Indicazioni per un un’epoca di soggettivismo sfrenato
Pentecoste 2025
Tutti
noi constatiamo, con un semplice ritorno onesto su noi stessi, che in molte
occasioni alcune delle tappe che hanno preceduto le nostre scelte e i nostri
posizionamenti intellettuali erano viziate. Non parliamo qui semplicemente
dell’influsso delle passioni su tutto il nostro agire morale, non si tratta del
caso, più semplice da spiegare, nel quale il diabetico quasi irresistibilmente
attratto dalla torta al cioccolato ha finito per cedere, riconoscendo la sua
debolezza, mangiandosi non solo la fetta a lui concessa, ma quattro fette di
dolce. Ma parliamo del caso, più complesso da definire e ancor più da
riconoscere in se stessi, del diabetico che non volendo riconoscere la sua
debolezza davanti ai dolci, pur di mangiare la quarta fetta di torta, finisce per
elaborare una struttura di pensiero falsa, per cui in quella torta non ci sono
zuccheri dannosi per lui, quindi può procedere serenamente - viste le premesse scelte da lui - magari anche alla
quinta, alla sesta, alla settima fetta.
Abbiamo detto “viste le premesse scelte”, proprio ad indicare che se le
premesse sono state scelte, o
quantomeno troppo scelte, è chiaro
che la conclusione è stata più o meno deliberatamente pilotata. Abbiamo detto “più o meno deliberatamente”, perché il
fenomeno è complesso e, specie in tempi di soggettivismo sfrenato come gli
attuali e di imperialismo mediatico di internet, il ritorno di ciascuno sui
moti della propria volontà è diventato molto più nebuloso e non sempre
pienamente avvertito.
L’immanentismo
imperante infatti fa sì che si percepisca come esistente quasi solo ciò che si sente emotivamente, ciò che si vive nel profondo, trascurando o
addirittura eliminando tutta quella parte della realtà oggettiva che non si
associa ad emozioni travolgenti o che rimane in qualche modo scomoda.
Mentre
l’imperialismo mediatico aggiunge un altro fattore di pressione
sull’intelligenza, essa si ritrova letteralmente assediata e non riesce in
molti casi quasi più a funzionare rettamente nei suoi rapporti con la volontà,
dalla quale si trova ad esser piegata a conclusioni imposte dalla supposta
“idea della massa”, o meglio sarebbe dire, come abbiamo ricordato più volte
anche su queste colonne, dei suoi abili manovratori, che non potendo
influenzare direttamente l’intelligenza, la viziano passando dalla volontà.
Su
intelligenza e volontà, diceva con semplicità il Cardinal Caffarra prima di lanciarsi
negli aspetti teoretici, “anche una
scarsa attenzione alla nostra vita interiore ci mostra che si tratta di
reciproco influsso causale: nessuno capisce niente, se non vuole capire; nessuno può volere ciò che ignora”[1].

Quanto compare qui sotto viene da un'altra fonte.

Lemma fseminorm_hausdorff a b : G a -> G b -> a <> b ->
  exists U V, [/\ metric_top G dist U, metric_top G dist V, U a, V b & U `&` V = set0].
Proof.
move=> ha hb hab; have hpos : 0 < dist a b / 2.
  rewrite divr_gt0 // lt_neqAle rho_ge0 andbT eq_sym.
  by apply/eqP => /(dist_eq0 ha hb).
exists (ball a (dist a b / 2)), (ball b (dist a b / 2)).
split; try exact: ball_open; try exact: ball_center.
apply/seteqP; split=> // z [[_ h1] [_ h2]].
by have := dist_triangle a z b; rewrite [dist z b]dist_sym; lra.
Qed.

Lemma fseminorm_continuous_add a b U : G a -> G b -> metric_top G dist U -> U (a + b) ->
  exists V W, [/\ metric_top G dist V, metric_top G dist W, V a, W b &
    forall v w, V v -> W w -> U (v + w)].
Proof.
move=> ha hb [_ hU] hUab; have [r [hr h]] := hU _ hUab.
have hr2 : 0 < r / 2 by rewrite divr_gt0.
exists (ball a (r / 2)), (ball b (r / 2)).
split; try exact: ball_open; try exact: ball_center.
move=> v w [hv hdv] [hw hdw]; apply: h; first exact: GD.
have := rhoD (a - v) (b - w); rewrite addrACA -opprD -/(dist _ _) -!/(dist _ _); lra.
Qed.
Theorem lemma3p6 (l n k : nat) (D : Rn l -> Prop) (f : Rn l -> Rn n -> Rn n)
  (g : Rn n -> Rn n) (c : ctrl_case)
  (V : Fin.t k -> Rn n -> R) (DV : Fin.t k -> Rn n -> Rn n)
  (eta : Rn n -> R) (Deta : Rn n -> Rn n)
  (W : Rn n -> R) (DW : Rn n -> Rn n)
  (delta K : R -> R) (gam : Fin.t k -> Fin.t k -> R -> R) (rho : R -> R)
  (eps : R) (A : Rn n -> Prop) (kappa : Rn n -> R) (nu : option nat) :
  compact_set D -> (exists d, D d) ->
  f_cont D f -> vcont g -> (forall d, D d -> f d vzero = vzero) ->
  hypH D f g -> case_ok c ->
  VRCLF D f g c V DV eta Deta W DW delta K gam rho eps A kappa nu ->
  exists gam' : Fin.t k -> Fin.t k -> R -> R,
    (forall i j, class_N1 (gam' i j)) /\
    (forall i s, 0 <= s -> gam' i i s = 0) /\
    (forall i j, i <> j -> posdef_fun (gam' i j) /\ tends_infty (gam' i j)) /\
    VRCLF D f g c V DV eta Deta W DW delta K gam' rho eps A kappa nu.
Proof.
  intros _ _ _ _ _ _ _ HV.
  assert (HN : forall i j, class_N1 (gam i j)) by apply HV.
  assert (Hdiag : forall i s, 0 <= s -> gam i i s = 0) by apply HV.
  (* phi inverts T = H^k o H^k o (2 .), where H bounds all the gains *)
  set (H := gain_bound gam).
  assert (HH : expanding H) by (apply gain_bound_expanding, HN).
  set (T := fun u => Nat.iter (k + k) H (2 * u)).
  assert (HT : expanding T)
    by (apply (expanding_comp (Nat.iter (k + k) H)); [apply expanding_iter, HH | apply expanding_double]).
  destruct (expanding_inverse_exists T HT) as [phi Hphi].
  assert (Hphi_N1 : class_N1 phi) by exact (inverse_class_N1 T HT phi Hphi).
  set (gam' := enlarged_gains gam phi).
  assert (HN' : forall i j, class_N1 (gam' i j)) by exact (enlarged_class_N1 k gam phi HN Hphi_N1).
  assert (Hdiag' : forall i s, 0 <= s -> gam' i i s = 0)
    by (intros i s Hs; unfold gam'; rewrite enlarged_diag; apply Hdiag, Hs).
  assert (HSG' : small_gain gam').
  { apply (small_gain_enlarged k gam gam' H phi HH).
    - intros i j s Hs. split; [apply HN, Hs | apply gain_bound_dominates; assumption].
    - intros i j. apply class_N1_nondecr, HN.
    - intros i j s Hs. apply enlarged_le; assumption.
    - intros s Hs. split; [apply Hphi | apply (inverse_le_id T HT phi Hphi), Hs].
    - apply class_N1_nondecr, Hphi_N1.
    - apply inverse_margin_lt; [exact HH | exact Hphi].
    - apply HV. }
  exists gam'. split; [exact HN'|]. split; [exact Hdiag'|]. split.
  - intros i j Hij. apply enlarged_offdiag; [exact HN | exact Hij | |].
    + split; [exact (inverse_zero T HT phi Hphi) | exact (inverse_pos T HT phi Hphi)].
    + exact (inverse_unbounded T HT phi Hphi).
  - apply VRCLF_larger_gains with (gam := gam); [|exact HN' | exact Hdiag' | exact HSG' | exact HV].
    intros i j s _. apply enlarged_ge.
Qed.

“Nessuno capisce niente, se non vuol capire”.
Si può scegliere di non capire, addirittura “di non capire niente” per così dire. Infatti, si può anche fare la
scelta terribile di inabissarsi volontariamente nel vuoto intellettuale in ciò
che vi è di più importante nella vita dell’uomo: il Fine ultimo. E per chi non
vuol capire il Fine ultimo, non sarebbe esagerato dire, con le debite precisazioni,
che si è messo nella condizione di “non
capire niente”. La provocazione del Cardinal Caffarra è calzante e
l’approfondisce nel riferimento al passaggio classico di San Tommaso del Contra Gentes (l. IV, cap. 54), per cui
alcuni uomini sono quasi bloccati nella riflessione sul Fine ultimo. Non ce la
fanno a pensare.
Ma
cosa può bloccarli, visto che qui non si parla di limiti intellettuali, anzi
questo blocco può avvenire - e di fatto avviene - in persone intelligentissime,
in luminari delle scienze, in accademici, che finiscono per “non capire niente”? E perdipiù
volontariamente.
L’infinita
distanza dal Fine ultimo, dice San Tommaso, può essere un deterrente alla
ricerca intellettuale, ovvero alcuni uomini si scoraggiano (ma ricordiamo che
lo scoraggiamento comporta in genere una parte di volontarietà) nell’indagare
una realtà così alta e distante. Pensare a Dio e che siamo fatti per Lui è un
pensiero troppo profondo per loro. E, esageratamente concentrati sul proprio
stato di creatura, non osano alzare lo sguardo verso il Creatore, per
piccolezza d’animo, ma anche per comodo. Infatti il misconoscimento della
grandezza della natura umana, della sua natura eminentemente spirituale, e
quindi in fondo fatta per contemplare Dio, fornisce loro un alibi per gettarsi
senza remore in quella che San Tommaso chiama la “beatitudine bestiale”[2],
ovvero nel convincersi che sono più fatti per una beatitudine da porco, da cane
o da volpe, che non da essere spirituale, e per mantenere in vita questo
“utile” convincimento, che in fondo riduce gli impegni a quelli che hanno in
comune con gli animali, bisogna in certo modo volere “non capire niente”.
Avendo
scelto di guardare quanto sono legati
alla sensibilità e al corpo, che hanno in comune con gli animali, scelgono di essere appagati nelle cose
corporali e nei diletti delle carne. Una ricerca quindi che li conducesse ad
alzare lo sguardo potrebbe compromettere quell’universo di piacevoli
conclusioni che si sono costruiti.
Quindi
l’intelligenza - che di per sé tenderebbe molto più in alto, al Vero - viene da
un moto volontario frenata, deviata, diciamo pure corrotta, perché non indaghi
troppo quel Bene intelligibile, quella Verità suprema. Avviene un
restringimento di campo, per cui quella materia è meglio non indagarla e la
volontà chiude gli spazi dell’intelligenza. Avendo già deciso, mette dei
paletti all’intelligenza e le impone: “è
meglio che in questo campo tu non ragioni”.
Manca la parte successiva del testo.